YOUR GOAL:
What is needed is an exact copy of the lines in the listing below, from the one with "Definition eq4 (x" up to and including the one with "From Stdlib Require Import Reals Lra Psatz.", with no other lines.

--

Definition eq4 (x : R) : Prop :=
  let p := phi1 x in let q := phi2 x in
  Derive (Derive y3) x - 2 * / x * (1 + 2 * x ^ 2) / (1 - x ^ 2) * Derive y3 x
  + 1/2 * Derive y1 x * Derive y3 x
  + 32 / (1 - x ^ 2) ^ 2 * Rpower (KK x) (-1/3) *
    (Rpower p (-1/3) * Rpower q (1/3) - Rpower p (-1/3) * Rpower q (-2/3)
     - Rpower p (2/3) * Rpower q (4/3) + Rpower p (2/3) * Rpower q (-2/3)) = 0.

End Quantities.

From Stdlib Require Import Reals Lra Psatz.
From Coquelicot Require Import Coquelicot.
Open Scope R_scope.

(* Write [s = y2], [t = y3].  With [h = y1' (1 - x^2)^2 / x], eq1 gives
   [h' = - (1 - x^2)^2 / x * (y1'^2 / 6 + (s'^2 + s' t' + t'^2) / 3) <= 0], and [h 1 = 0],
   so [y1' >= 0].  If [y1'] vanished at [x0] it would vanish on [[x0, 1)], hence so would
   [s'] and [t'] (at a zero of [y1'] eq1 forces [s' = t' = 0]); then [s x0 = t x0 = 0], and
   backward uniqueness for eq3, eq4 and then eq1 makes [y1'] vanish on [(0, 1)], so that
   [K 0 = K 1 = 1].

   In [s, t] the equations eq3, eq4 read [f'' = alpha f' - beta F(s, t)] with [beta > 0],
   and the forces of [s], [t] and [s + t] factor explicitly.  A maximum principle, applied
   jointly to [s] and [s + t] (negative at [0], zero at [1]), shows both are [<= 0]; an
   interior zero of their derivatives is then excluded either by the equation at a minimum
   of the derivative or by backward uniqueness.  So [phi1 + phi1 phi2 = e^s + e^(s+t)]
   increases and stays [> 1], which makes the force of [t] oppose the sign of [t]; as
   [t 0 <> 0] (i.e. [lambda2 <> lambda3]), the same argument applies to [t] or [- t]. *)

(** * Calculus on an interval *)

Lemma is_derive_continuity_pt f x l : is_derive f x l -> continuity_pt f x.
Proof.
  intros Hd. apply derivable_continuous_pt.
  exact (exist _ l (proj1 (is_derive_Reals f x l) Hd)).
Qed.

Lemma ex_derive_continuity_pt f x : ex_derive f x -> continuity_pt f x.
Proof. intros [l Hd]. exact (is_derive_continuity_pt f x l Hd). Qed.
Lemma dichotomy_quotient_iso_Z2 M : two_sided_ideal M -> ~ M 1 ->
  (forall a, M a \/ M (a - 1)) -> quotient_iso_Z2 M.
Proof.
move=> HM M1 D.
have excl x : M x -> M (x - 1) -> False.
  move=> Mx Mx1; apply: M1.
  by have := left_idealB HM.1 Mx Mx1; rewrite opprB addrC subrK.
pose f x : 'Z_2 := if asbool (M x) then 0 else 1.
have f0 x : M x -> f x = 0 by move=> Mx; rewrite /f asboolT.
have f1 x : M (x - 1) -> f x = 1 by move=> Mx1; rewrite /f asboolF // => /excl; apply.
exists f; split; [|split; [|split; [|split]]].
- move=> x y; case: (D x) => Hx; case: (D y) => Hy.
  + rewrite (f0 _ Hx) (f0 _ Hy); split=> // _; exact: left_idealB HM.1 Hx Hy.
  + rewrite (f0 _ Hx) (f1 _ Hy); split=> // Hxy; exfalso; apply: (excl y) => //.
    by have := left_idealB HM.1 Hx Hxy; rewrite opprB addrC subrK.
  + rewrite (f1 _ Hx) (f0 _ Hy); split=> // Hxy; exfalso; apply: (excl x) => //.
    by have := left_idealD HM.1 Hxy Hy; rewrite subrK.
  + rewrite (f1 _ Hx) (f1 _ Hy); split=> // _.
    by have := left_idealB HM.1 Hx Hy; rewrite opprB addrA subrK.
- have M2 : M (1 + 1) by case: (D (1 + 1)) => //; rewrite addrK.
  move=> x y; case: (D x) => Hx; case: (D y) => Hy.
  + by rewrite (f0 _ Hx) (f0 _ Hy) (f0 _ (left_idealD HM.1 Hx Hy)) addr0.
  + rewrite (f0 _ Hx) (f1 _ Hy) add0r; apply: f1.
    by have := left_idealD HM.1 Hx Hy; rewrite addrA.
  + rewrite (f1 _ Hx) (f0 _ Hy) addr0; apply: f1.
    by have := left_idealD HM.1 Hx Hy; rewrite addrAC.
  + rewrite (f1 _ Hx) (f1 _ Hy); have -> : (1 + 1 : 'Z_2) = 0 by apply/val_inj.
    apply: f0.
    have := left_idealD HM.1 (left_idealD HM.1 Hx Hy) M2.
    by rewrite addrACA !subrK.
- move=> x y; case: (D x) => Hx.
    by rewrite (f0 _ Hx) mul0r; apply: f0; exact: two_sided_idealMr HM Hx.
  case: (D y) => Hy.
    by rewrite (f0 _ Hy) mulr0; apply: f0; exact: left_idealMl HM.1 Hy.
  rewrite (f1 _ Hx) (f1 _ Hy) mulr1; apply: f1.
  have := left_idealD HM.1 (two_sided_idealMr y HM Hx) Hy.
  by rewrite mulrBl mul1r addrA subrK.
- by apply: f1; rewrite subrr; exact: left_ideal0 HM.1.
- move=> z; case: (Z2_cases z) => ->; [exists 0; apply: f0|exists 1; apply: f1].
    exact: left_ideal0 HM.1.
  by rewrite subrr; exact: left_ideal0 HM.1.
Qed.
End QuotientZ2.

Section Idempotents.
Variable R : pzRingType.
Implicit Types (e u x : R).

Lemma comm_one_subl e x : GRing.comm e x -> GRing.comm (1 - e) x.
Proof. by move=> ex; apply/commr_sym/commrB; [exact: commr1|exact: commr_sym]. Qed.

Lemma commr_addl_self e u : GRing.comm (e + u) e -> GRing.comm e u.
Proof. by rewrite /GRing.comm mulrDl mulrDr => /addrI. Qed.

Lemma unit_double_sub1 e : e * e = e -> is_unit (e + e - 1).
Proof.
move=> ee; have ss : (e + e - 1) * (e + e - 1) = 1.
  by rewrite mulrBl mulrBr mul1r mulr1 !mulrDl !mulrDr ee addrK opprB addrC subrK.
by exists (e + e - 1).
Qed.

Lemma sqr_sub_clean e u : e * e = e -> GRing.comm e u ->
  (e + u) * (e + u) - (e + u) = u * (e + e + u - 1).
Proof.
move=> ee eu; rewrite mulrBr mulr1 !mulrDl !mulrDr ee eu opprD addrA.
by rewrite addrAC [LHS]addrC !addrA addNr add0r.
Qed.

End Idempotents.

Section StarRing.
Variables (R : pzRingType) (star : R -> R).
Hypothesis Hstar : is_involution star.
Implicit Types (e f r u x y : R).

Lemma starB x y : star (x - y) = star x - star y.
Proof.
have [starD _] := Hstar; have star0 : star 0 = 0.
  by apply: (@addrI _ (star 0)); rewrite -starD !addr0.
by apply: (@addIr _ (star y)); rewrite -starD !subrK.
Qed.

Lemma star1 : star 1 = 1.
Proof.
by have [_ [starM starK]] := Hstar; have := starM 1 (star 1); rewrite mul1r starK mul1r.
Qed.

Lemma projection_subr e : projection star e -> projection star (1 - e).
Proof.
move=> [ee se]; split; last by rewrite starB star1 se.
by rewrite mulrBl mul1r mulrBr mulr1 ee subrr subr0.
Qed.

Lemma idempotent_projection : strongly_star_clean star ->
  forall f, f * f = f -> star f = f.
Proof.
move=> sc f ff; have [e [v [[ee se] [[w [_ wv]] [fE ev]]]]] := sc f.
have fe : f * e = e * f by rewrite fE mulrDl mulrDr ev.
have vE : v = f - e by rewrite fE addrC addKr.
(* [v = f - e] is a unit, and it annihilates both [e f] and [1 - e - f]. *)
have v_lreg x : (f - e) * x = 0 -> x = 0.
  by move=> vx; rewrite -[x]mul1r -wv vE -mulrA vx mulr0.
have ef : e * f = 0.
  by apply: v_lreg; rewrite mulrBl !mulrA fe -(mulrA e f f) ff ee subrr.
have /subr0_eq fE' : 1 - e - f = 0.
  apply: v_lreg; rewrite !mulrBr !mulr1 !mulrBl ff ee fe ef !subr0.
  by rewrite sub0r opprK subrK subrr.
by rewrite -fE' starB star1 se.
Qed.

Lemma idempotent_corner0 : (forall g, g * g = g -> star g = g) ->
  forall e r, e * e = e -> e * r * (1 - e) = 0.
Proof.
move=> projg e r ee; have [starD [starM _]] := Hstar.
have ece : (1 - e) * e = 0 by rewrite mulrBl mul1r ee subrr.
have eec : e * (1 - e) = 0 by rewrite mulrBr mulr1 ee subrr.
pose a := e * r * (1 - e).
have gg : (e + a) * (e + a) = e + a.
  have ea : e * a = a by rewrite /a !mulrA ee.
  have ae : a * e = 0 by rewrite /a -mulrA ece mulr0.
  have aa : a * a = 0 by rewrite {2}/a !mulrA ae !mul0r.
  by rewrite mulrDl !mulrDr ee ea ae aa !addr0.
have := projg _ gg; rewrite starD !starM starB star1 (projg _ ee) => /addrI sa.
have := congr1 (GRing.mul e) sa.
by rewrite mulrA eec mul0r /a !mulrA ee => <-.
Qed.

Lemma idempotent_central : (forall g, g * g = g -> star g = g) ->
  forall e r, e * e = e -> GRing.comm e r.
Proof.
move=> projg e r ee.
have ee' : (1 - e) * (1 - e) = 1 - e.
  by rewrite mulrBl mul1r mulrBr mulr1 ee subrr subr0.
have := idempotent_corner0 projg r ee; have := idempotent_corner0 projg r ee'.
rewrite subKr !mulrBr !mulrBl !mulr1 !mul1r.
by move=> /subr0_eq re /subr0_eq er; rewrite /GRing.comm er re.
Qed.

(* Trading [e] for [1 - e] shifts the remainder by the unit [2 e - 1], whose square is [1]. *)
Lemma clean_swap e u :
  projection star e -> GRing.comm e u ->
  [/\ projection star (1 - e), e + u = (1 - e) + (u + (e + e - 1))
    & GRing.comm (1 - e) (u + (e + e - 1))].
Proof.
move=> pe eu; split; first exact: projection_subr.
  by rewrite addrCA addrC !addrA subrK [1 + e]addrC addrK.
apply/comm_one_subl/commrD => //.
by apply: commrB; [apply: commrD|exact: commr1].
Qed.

--

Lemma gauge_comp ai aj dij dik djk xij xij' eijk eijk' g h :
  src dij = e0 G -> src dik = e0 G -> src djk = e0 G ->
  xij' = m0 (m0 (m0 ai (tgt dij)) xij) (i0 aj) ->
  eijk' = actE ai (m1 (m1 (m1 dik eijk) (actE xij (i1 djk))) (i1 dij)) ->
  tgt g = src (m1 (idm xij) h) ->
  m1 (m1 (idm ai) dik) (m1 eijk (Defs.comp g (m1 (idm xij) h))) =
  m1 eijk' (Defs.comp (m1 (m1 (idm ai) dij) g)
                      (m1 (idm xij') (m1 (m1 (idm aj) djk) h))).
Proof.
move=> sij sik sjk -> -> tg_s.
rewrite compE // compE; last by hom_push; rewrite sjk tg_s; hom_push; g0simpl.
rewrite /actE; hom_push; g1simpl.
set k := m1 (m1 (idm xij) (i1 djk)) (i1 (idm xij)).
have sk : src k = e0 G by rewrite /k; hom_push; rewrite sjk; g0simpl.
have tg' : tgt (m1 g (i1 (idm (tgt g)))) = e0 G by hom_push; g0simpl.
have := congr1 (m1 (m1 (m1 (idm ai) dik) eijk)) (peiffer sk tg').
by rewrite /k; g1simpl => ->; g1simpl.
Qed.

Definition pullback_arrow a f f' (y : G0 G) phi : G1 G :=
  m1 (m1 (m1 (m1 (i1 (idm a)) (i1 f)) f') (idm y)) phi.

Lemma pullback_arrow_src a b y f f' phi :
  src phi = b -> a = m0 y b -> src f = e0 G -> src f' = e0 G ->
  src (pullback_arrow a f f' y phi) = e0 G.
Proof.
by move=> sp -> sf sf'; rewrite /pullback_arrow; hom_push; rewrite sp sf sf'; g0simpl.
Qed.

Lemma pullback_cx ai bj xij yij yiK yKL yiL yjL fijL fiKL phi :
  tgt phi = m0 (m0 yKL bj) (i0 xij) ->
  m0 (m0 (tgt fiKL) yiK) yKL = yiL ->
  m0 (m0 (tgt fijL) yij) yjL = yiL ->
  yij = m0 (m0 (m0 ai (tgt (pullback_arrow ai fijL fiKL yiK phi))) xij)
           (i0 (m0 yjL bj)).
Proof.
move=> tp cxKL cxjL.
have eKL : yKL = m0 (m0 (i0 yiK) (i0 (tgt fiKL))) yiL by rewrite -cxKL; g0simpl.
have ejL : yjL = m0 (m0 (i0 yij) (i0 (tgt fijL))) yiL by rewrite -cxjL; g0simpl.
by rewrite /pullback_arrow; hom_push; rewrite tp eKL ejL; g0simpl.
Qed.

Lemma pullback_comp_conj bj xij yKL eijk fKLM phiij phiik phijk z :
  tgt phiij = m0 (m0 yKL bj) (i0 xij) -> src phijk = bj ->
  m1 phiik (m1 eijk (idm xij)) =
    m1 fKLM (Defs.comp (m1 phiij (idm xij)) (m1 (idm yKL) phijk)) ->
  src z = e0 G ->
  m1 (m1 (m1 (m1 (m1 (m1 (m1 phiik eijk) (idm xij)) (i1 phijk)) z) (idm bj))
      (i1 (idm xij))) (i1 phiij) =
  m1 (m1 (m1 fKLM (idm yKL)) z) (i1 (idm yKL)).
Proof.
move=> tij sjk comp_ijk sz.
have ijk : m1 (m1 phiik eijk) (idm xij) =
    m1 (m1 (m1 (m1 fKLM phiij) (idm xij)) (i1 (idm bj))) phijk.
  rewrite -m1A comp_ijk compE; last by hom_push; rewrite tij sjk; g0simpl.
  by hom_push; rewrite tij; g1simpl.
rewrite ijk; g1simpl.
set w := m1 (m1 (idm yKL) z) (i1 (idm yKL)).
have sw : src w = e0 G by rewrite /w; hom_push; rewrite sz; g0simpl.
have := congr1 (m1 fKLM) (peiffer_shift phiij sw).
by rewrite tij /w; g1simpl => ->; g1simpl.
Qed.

--

ANSWER BOX:
Definition eq4 (x : R) : Prop :=
  let p := phi1 x in let q := phi2 x in
  Derive (Derive y3) x - 2 * / x * (1 + 2 * x ^ 2) / (1 - x ^ 2) * Derive y3 x
  + 1/2 * Derive y1 x * Derive y3 x
  + 32 / (1 - x ^ 2) ^ 2 * Rpower (KK x) (-1/3) *
    (Rpower p (-1/3) * Rpower q (1/3) - Rpower p (-1/3) * Rpower q (-2/3)
     - Rpower p (2/3) * Rpower q (4/3) + Rpower p (2/3) * Rpower q (-2/3)) = 0.

End Quantities.

From Stdlib Require Import Reals Lra Psatz.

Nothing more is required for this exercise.